Если только он вообще не ошибся насчет аптекаря…
Алек и Микам встретились с Миррини на погруженной в темноту небольшой площади неподалеку от улицы Задней Ноги. Миррини предусмотрительно сменила свою гвардейскую форму на неброские штаны и тунику и закуталась в темный плащ, хотя и не рассталась с рапирой. Развернув громоздкий сверток, она вручила им похожие на горшки шлемы, которые носила городская стража.
— Откуда ты их взяла? — спросил Микам, надевая свой.
— Не спрашивай. Если что-нибудь пойдет не так, в темноте вы можете сойти за подчиненных Тирина.
— Этот твой Тирин, он в готовности? Миррини кивнула:
— У него десять человек в переулке рядом с домом твоего мошенника и двое — во дворе. Им приказано ворваться внутрь, как только начнется шум. Я только надеюсь, что Алека не поймают.
— Если я смогу оказаться внутри, я сумею и выбраться, — тихо ответил юноша, беря шлем под мышку.
Привязав лошадей к столбу на площади, они втроем отправились на улицу Задней Ноги и, проскользнув в узкий переулок позади дома, где находилась лавка Албена, стали осматриваться.
На первом этаже между створками ставней света не было видно, темно было и на втором этаже, где, вероятно, размещались жилые комнаты Албена. Одно из окон лавки выходило в переулок, и проникнуть внутрь можно было через него.
Стянув сапоги, Алек влез на плечи Микама и заглянул в щель между ставнями. Комната была погружена в полную темноту, из нее не доносилось ни звука — ни дыхания спящего, ни храпа. Откинув защелку по возможности без шума, Алек скользнул внутрь.
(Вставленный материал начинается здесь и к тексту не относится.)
(* Any pi <> pi* does strictly worse than pi* on the corners: in the first
   regime already at (mu_-, sigma_+); in the second regime on the lam-average
   of the two corners, which equals the value at pi* plus b (pi - pi_star)^2. *)
Lemma pi_star_strict (h0 pi m' : R) :
  F h0 0 pi mum sp <= m' -> F h0 0 pi mup sp <= m' -> pi <> pi_star h0 mum mup sp ->
  F h0 0 (pi_star h0 mum mup sp) mum sp < m'.
Proof.
  intros M1 M2 Hne.
  assert (Hd : 0 < (pi - pi_star h0 mum mup sp) ^ 2).
  { rewrite <- Rsqr_pow2. apply Rsqr_pos_lt. lra. }
  unfold pi_star in *; destruct Rle_dec as [Hc|Hc].
  - assert (E : F h0 0 pi mum sp - F h0 0 (h0 * mum / (mum ^ 2 + sp ^ 2)) mum sp
                = (mum ^ 2 + sp ^ 2) * (pi - h0 * mum / (mum ^ 2 + sp ^ 2)) ^ 2)
      by (unfold F; field; nra).
    assert (0 < (mum ^ 2 + sp ^ 2) * (pi - h0 * mum / (mum ^ 2 + sp ^ 2)) ^ 2)
      by (apply Rmult_lt_0_compat; nra).
    lra.
  - destruct (lam_spec Hc) as [Hl _].
    assert (Hb : 0 < b) by (unfold b; nra).
    assert (E : lam * F h0 0 pi mum sp + (1 - lam) * F h0 0 pi mup sp
                - F h0 0 (h0 / ((mup + mum) / 2)) mum sp
                = b * (pi - h0 / ((mup + mum) / 2)) ^ 2)
      by (unfold lam, F, a, b; field; lra).
    assert (0 < b * (pi - h0 / ((mup + mum) / 2)) ^ 2) by (apply Rmult_lt_0_compat; auto).
    nra.
Qed.

Lemma pi_star_minimax (h0 : R) :
  exists m, is_max_F D h0 0 (pi_star h0 mum mup sp) m /\
    forall pi m', is_max_F D h0 0 pi m' -> pi <> pi_star h0 mum mup sp -> m < m'.
Proof.
  assert (D1 : D (mum, sp)) by (unfold D, Dset; simpl; lra).
  assert (D2 : D (mup, sp)) by (unfold D, Dset; simpl; lra).
  exists (F h0 0 (pi_star h0 mum mup sp) mum sp). split; [split|].
  - exists (mum, sp). split; auto.
  - apply (max_at_corner h0 (pi_star h0 mum mup sp)), pi_star_balanced.
  - intros pi m' [_ Hm] Hne.
    apply (pi_star_strict h0 pi); [apply (Hm _ D1) | apply (Hm _ D2) | auto].
Qed.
Он почуял запах горящей свечи, ощутил под ногами голые доски пола. В углу комнаты начиналась лестница, ведущая наверх, и оттуда проникал слабый свет. Когда глаза Алека привыкли к темноте, он с облегчением перевел дух: юноша находился в той самой комнате за лавкой, которая была ему нужна. Но кто-то — вероятно, Албен — наверху еще бодрствовал. Оттуда донесся скрип пола и приглушенный кашель. Однако огонь в камине и комнате за лавкой был потушен, и это означало, что хозяин вряд ли собирается спускаться сюда до утра.
Алек вынул светящийся камень из своего набора инструментов и, прикрывая его рукой, прокрался к двери, ведущей в лавку. Дверь на ночь была заперта и закрыта на засов.
Алек вытащил из кошеля кожаный колпачок и надел его на светящийся камень, чтобы свет падал только вниз.
Алеку не понадобилось много времени, чтобы найти то, что он искал. Проведя рукой по резьбе на колонне, на которую опиралась каминная полка, он скоро обнаружил, что квадратное основание колонны подвижно. Сунув острие кинжала в щель, Алек повернул камень; за ним оказалась узкая глубокая выемка. В ней лежал длинный железный ящик, запертый на массивный замок. Наклонившись, Алек отмычкой открыл его. В ящике оказалось несколько связок документов. Алек еще не особенно хорошо умел читать, но он знал крупный красивый почерк Серегила и его подпись. Одна пачка целиком состояла из писем Серегила; часть из них были неоконченными. Всего их насчитывалось одиннадцать, и некоторые явно выглядели копиями.
«Мы тебя поймали, Чешуйница, клянусь Создателем!» — возликовал Алек. Вернув документы на место, он спрятал ящик в тайник, но повернул скрывающий его камень не до конца — так, как было до его прихода.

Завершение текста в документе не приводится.